Lemma fsupp_pred_submod : submod_closed fsupp_pred.
Proof.
split.
  apply/andP; split; apply/asboolP; first by exists [::].
  by [].
move=> z u v /andP[/asboolP[s Hs] /asboolP Hu] /andP[/asboolP[t Ht] /asboolP Hv].
apply/andP; split; apply/asboolP.
  exists (s ++ t) => j; rewrite mem_cat negb_or => /andP[js jt].
  by rewrite /GRing.add /GRing.scale /= Hs // Ht // scaler0 addr0.
by move=> j nj; rewrite /GRing.add /GRing.scale /= Hu // Hv // scaler0 addr0.
Qed.

HB.instance Definition _ := GRing.isSubmodClosed.Build C (int -> V) fsupp_pred
  fsupp_pred_submod.

Definition FS := {f : int -> V | fsupp_pred f}.
HB.instance Definition _ := [isSub for (@sval _ fsupp_pred : FS -> _)].
HB.instance Definition _ := [Choice of FS by <:].
HB.instance Definition _ := [SubChoice_isSubLmodule of FS by <:].

(** lift an operator on raw functions to FS; the raw operators used below
    preserve [fsupp_pred] whenever the operators of V are linear, in which
    case this is just the restriction. *)
Definition fs_lift (F : (int -> V) -> (int -> V)) (f : FS) : FS :=
  insubd (0 : FS) (F (val f)).
End FinSupp.

Definition oddz (n : int) : bool := odd (absz n).

Definition allI : int -> Prop := fun=> True.

(** Basis v_(n/2) of A(al,be,ga) is indexed by n : int.
    d_m v_k = (al + be m - k) v_(m+k); h_r v_k = v_(k+r) for k in Z,
    h_r v_k = ga v_(k+r) for k in 1/2 + Z; c, l act as 0. *)
Definition tensA (V : lmodType C) (a : Dact V) (al be ga : C) : Dact (FS V allI) :=
  DAct
    (fun m => fs_lift (fun f j => dop a m (f j)
        + (al + be * m%:~R - (j - 2 * m)%:~R / 2%:R) *: f (j - 2 * m)))
    (fun k => fs_lift (fun f j => hop a k (f j)
        + (if oddz (j - (2 * k + 1)) then ga else 1) *: f (j - (2 * k + 1))))
    (fs_lift (fun f j => cop a (f j)))
    (fs_lift (fun f j => lop a (f j))).

(** The index set of A'(al, be): A'(al,be) = A(al,be) unless al is an integer
    and be in {0,-1}; then A'(al,be) is the quotient A(al,0)/C v_al resp. the
    submodule span{v_k : k <> al} of A(al,-1).  In both cases it has basis
    {v_k : k <> al} with d_m v_k = (al + be m - k) v_(m+k) (read as 0 when
    m + k = al). *)
Definition idxA' (al be : C) : int -> Prop :=
  fun j => ~ (al = j%:~R /\ (be = 0 \/ be = -1)).

(** L (x) A'(al, be)^D : H acts as 0 on A'(al,be)^D, c acts as 0. *)
Definition tensA' (V : lmodType C) (a : Dact V) (al be : C) : Dact (FS V (idxA' al be)) :=
  DAct
    (fun m => fs_lift (fun f j => dop a m (f j)
        + (if `[< idxA' al be j >] then (al + be * m%:~R - (j - m)%:~R) *: f (j - m)
           else 0)))
    (fun k => fs_lift (fun f j => hop a k (f j)))
    (fs_lift (fun f j => cop a (f j)))
    (fs_lift (fun f j => lop a (f j))).

(* Sufficiency: L(c,h,l) is unique up to isomorphism, since the submodule of L (+) L'
   generated by the pair of highest weight vectors is the graph of an isomorphism; and
   shifting the index of the basis v_j of A by the integer (resp. half-integer) al - al1,
   with suitable rescalings, intertwines the two tensor products.
   Necessity: for every vector u of L, d_n u = h_n u = 0 once n is large, so on any fixed
   vector of L (x) A the modes d_n, h_n with n large act through the A factor only.
   Transporting identities satisfied by v (x) v_j (v a highest weight vector) through an
   isomorphism and reading them on a nonzero component of the image gives polynomial
   identities in the mode numbers, whose coefficients force the parameters to agree; the
   central charges and the weights of the images pin down c, l and h.  The same locality
   separates A from A'^D, on which H acts by zero. *)
From Pilot Require Import Defs.
From HB Require Import structures.
From mathcomp Require Import all_boot all_order all_algebra.
From mathcomp Require Import boolp classical_sets functions.
From mathcomp Require Import complex.
From mathcomp Require Import Rstruct.
From mathcomp Require Import zify ring.

Set Implicit Arguments.
Unset Strict Implicit.
Unset Printing Implicit Defensive.

Import Order.TTheory GRing.Theory Num.Theory.
Local Open Scope ring_scope.

Definition linear_of (U W : lmodType C) (g : U -> W) (gL : linear g) : {linear U -> W} :=
  HB.pack g (GRing.isLinear.Build C U W *:%R g gL).

Section LinearMaps.
Variables (U W : lmodType C) (T : U -> W) (TL : linear T).

Lemma lin0 : T 0 = 0. Proof. exact: linear0 (linear_of TL). Qed.
Lemma linD x y : T (x + y) = T x + T y. Proof. exact (linearD (linear_of TL) x y). Qed.
Lemma linZ k x : T (k *: x) = k *: T x. Proof. exact (linearZZ (linear_of TL) k x). Qed.
Lemma linB x y : T (x - y) = T x - T y. Proof. exact (linearB (linear_of TL) x y). Qed.
Lemma lin_sum I (s : seq I) (F : I -> U) : T (\sum_(i <- s) F i) = \sum_(i <- s) T (F i).
Proof. exact: (linear_sum (linear_of TL)). Qed.

End LinearMaps.

Lemma scaler_cancel (W : lmodType C) (u : W) (x y : C) : u != 0 -> x *: u = y *: u -> x = y.
Proof.
by move=> u0 /eqP; rewrite -subr_eq0 -scalerBl scaler_eq0 (negbTE u0) orbF subr_eq0 => /eqP.
Qed.

Lemma poly2_eventually0 (r0 r1 r2 : C) (N : int) :
  (forall x : int, N <= x -> r0 + r1 * x%:~R + r2 * x%:~R ^+ 2 = 0) ->
  [/\ r0 = 0, r1 = 0 & r2 = 0].
Proof.
move=> H.
have e0 := H N (lexx _); have e1 := H (N + 1) ltac:(lia); have e2 := H (N + 2) ltac:(lia).
rewrite !intrD in e1 e2; set X := N%:~R in e0 e1 e2.
pose p x := r0 + r1 * x + r2 * x ^+ 2.
have r20 : r2 = 0.
  have : 2%:R * r2 = p (X + 2%:~R) - 2%:R * p (X + 1%:~R) + p X by rewrite /p; ring.
  rewrite /p e0 e1 e2 mulr0 !subr0 addr0 => /eqP.
  by rewrite mulf_eq0 pnatr_eq0 => /eqP.
have r10 : r1 = 0.
  have : r1 = p (X + 1%:~R) - p X - r2 * (2%:R * X + 1) by rewrite /p; ring.
  by rewrite /p e0 e1 r20 mul0r !subr0.
by split=> //; rewrite -e0 r10 r20; ring.
Qed.

Lemma poly1_eventually0 (r0 r1 : C) (N : int) :
  (forall x : int, N <= x -> r0 + r1 * x%:~R = 0) -> r0 = 0 /\ r1 = 0.
Proof.
move=> H; have [|-> -> _ //] := @poly2_eventually0 r0 r1 0 N.
by move=> x Nx; rewrite mul0r addr0 H.
Qed.

Lemma commE (V : lmodType C) (x y : V -> V) v : x (y v) = y (x v) + comm x y v.
Proof. by rewrite /comm addrC subrK. Qed.

Section DmoduleRelations.
Variables (W : lmodType C) (b : Dact W) (Hb : is_Dmodule b).

Lemma dop_linear m : linear (dop b m). Proof. by case: Hb. Qed.
Lemma hop_linear k : linear (hop b k). Proof. by case: Hb. Qed.
Lemma cop_linear : linear (cop b). Proof. by case: Hb. Qed.
Lemma lop_linear : linear (lop b). Proof. by case: Hb. Qed.

Lemma dop_dop m n v : dop b m (dop b n v) = dop b n (dop b m v) +
  ((m - n)%:~R *: dop b (m + n) v
   + (if m + n == 0 then ((m ^+ 3 - m)%:~R / 12%:R) *: cop b v else 0)).
Proof. by case: Hb => _ _ _ _ [DD _ _ _ _]; rewrite commE DD. Qed.

Lemma dop_hop m k v : dop b m (hop b k v) = hop b k (dop b m v) - Defs.half k *: hop b (m + k) v.
Proof. by case: Hb => _ _ _ _ [_ DH _ _ _]; rewrite commE DH scaleNr. Qed.

Lemma hop_dop k m v : hop b k (dop b m v) = dop b m (hop b k v) + Defs.half k *: hop b (m + k) v.
Proof. by rewrite dop_hop subrK. Qed.

Lemma hop_hop k j v : hop b k (hop b j v) = hop b j (hop b k v) +
  (if k + j + 1 == 0 then Defs.half k *: lop b v else 0).
Proof. by case: Hb => _ _ _ _ [_ _ HH _ _]; rewrite commE HH. Qed.

Lemma cop_dop m v : cop b (dop b m v) = dop b m (cop b v).
Proof. by case: Hb => _ _ _ _ [_ _ _ [CD _] _]; rewrite commE CD addr0. Qed.

Lemma cop_hop k v : cop b (hop b k v) = hop b k (cop b v).
Proof. by case: Hb => _ _ _ _ [_ _ _ [_ CH] _]; rewrite commE CH addr0. Qed.

Lemma lop_dop m v : lop b (dop b m v) = dop b m (lop b v).
Proof. by case: Hb => _ _ _ _ [_ _ _ _ [LD _ _]]; rewrite commE LD addr0. Qed.

Lemma lop_hop k v : lop b (hop b k v) = hop b k (lop b v).
Proof. by case: Hb => _ _ _ _ [_ _ _ _ [_ LH _]]; rewrite commE LH addr0. Qed.

Lemma dop0_dop m y mu : m != 0 -> dop b 0 y = mu *: y ->
  dop b 0 (dop b m y) = (mu - m%:~R) *: dop b m y.
Proof.
move=> m0 Hy; rewrite dop_dop Hy (linZ (dop_linear m)) !add0r (negbTE m0) addr0.
by rewrite mulrNz scaleNr scalerBl.
Qed.

Lemma dop0_hop k y mu : dop b 0 y = mu *: y ->
  dop b 0 (hop b k y) = (mu - Defs.half k) *: hop b k y.
Proof. by move=> Hy; rewrite dop_hop Hy (linZ (hop_linear k)) add0r scalerBl. Qed.

Lemma eigen_sum_eq0 (s : seq (C * W)) u mu : dop b 0 u = mu *: u ->
  (forall p, p \in s -> dop b 0 p.2 = p.1 *: p.2 /\ p.1 != mu) ->
  u = \sum_(p <- s) p.2 -> u = 0.
Proof.
move: {2}(size s) (erefl (size s)) => n.
elim: n s u => [|n IH] [|p s] u sn Hu Hs E //=; try by rewrite E big_nil.
case: sn => sn.
have [Hp1 Hp2] := Hs p (mem_head _ _).
have Hs' q : q \in s -> dop b 0 q.2 = q.1 *: q.2 /\ q.1 != mu.
  by move=> qs; apply: Hs; rewrite inE qs orbT.
rewrite big_cons in E.
(* Applying [d_0 - p.1] removes the summand [p.2] and rescales the others. *)
have E' : (mu - p.1) *: u = \sum_(q <- s) (q.1 - p.1) *: q.2.
  rewrite scalerBl -Hu E (linD (dop_linear 0)) Hp1 (lin_sum (dop_linear 0)) scalerDr.
  rewrite (eq_big_seq (fun q => q.1 *: q.2)); last by move=> q /Hs' [].
  rewrite opprD addrACA subrr add0r scaler_sumr -sumrB.
  by apply: eq_bigr => q _; rewrite scalerBl.
have : (mu - p.1) *: u = 0.
  apply: (IH [seq (q.1, (q.1 - p.1) *: q.2) | q <- s]); rewrite ?size_map //.
  - by rewrite (linZ (dop_linear 0)) Hu !scalerA mulrC.
  - move=> q /mapP[q' /Hs' [q1 q2] ->] /=; split=> //.
    by rewrite (linZ (dop_linear 0)) q1 !scalerA mulrC.
  - by rewrite E' big_map.
by move/eqP; rewrite scaler_eq0 subr_eq0 eq_sym (negbTE Hp2) => /eqP.
Qed.

End DmoduleRelations.

Section HighestWeightSpan.
Variables (W : lmodType C) (b : Dact W) (Hb : is_Dmodule b).
Variables (c h l : C) (w : W) (Hw : hw_vector b c h l w).

Inductive hw_span : W -> Prop :=
 | hw_span_vec : hw_span w
 | hw_span0 : hw_span 0
 | hw_spanD u1 u2 : hw_span u1 -> hw_span u2 -> hw_span (u1 + u2)
 | hw_spanZ z u : hw_span u -> hw_span (z *: u)
 | hw_span_dop m u : m < 0 -> hw_span u -> hw_span (dop b m u)
 | hw_span_hop k u : k < 0 -> hw_span u -> hw_span (hop b k u).

Let dL := dop_linear Hb.
Let hL := hop_linear Hb.

Lemma hw_span_cop u : hw_span u -> cop b u = c *: u.
Proof.
case: Hw => _ _ Hc _ _.
elim=> [|||z u' _ IH|m u' _ _ IH|k u' _ _ IH].
- exact: Hc.
- by rewrite (lin0 (cop_linear Hb)) scaler0.
- by move=> u1 u2 _ IH1 _ IH2; rewrite (linD (cop_linear Hb)) IH1 IH2 scalerDr.
- by rewrite (linZ (cop_linear Hb)) IH !scalerA mulrC.
- by rewrite (cop_dop Hb) IH (linZ (dL m)).
- by rewrite (cop_hop Hb) IH (linZ (hL k)).
Qed.

Lemma hw_span_lop u : hw_span u -> lop b u = l *: u.
Proof.
case: Hw => _ _ _ Hl _.
elim=> [|||z u' _ IH|m u' _ _ IH|k u' _ _ IH].
- exact: Hl.
- by rewrite (lin0 (lop_linear Hb)) scaler0.
- by move=> u1 u2 _ IH1 _ IH2; rewrite (linD (lop_linear Hb)) IH1 IH2 scalerDr.
- by rewrite (linZ (lop_linear Hb)) IH !scalerA mulrC.
- by rewrite (lop_dop Hb) IH (linZ (dL m)).
- by rewrite (lop_hop Hb) IH (linZ (hL k)).
Qed.

Lemma hw_span_dop0 u : hw_span u -> hw_span (dop b 0 u).
Proof.
case: Hw => _ Hd0 _ _ _.
elim=> [|||z u' _ IH|m u' m0 Su IH|k u' k0 Su IH].
- by rewrite Hd0; apply/hw_spanZ/hw_span_vec.
- by rewrite (lin0 (dL 0)); apply: hw_span0.
- by move=> u1 u2 _ IH1 _ IH2; rewrite (linD (dL 0)); apply: hw_spanD.
- by rewrite (linZ (dL 0)); apply: hw_spanZ.
- rewrite (dop_dop Hb) !add0r (negbTE (ltr0_neq0 m0)) addr0.
  by apply: hw_spanD; [apply: hw_span_dop|apply/hw_spanZ/hw_span_dop].
- rewrite (dop_hop Hb) add0r -scaleNr.
  by apply: hw_spanD; [apply: hw_span_hop|apply/hw_spanZ/hw_span_hop].
Qed.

====

__WHAT YOU ARE ASKED TO DO__: Check every line above for the string "scalerA" and copy those that have it.

__TASK ANSWER__:
  - by rewrite (linZ (dop_linear 0)) Hu !scalerA mulrC.
    by rewrite (linZ (dop_linear 0)) q1 !scalerA mulrC.
- by rewrite (linZ (cop_linear Hb)) IH !scalerA mulrC.
- by rewrite (linZ (lop_linear Hb)) IH !scalerA mulrC.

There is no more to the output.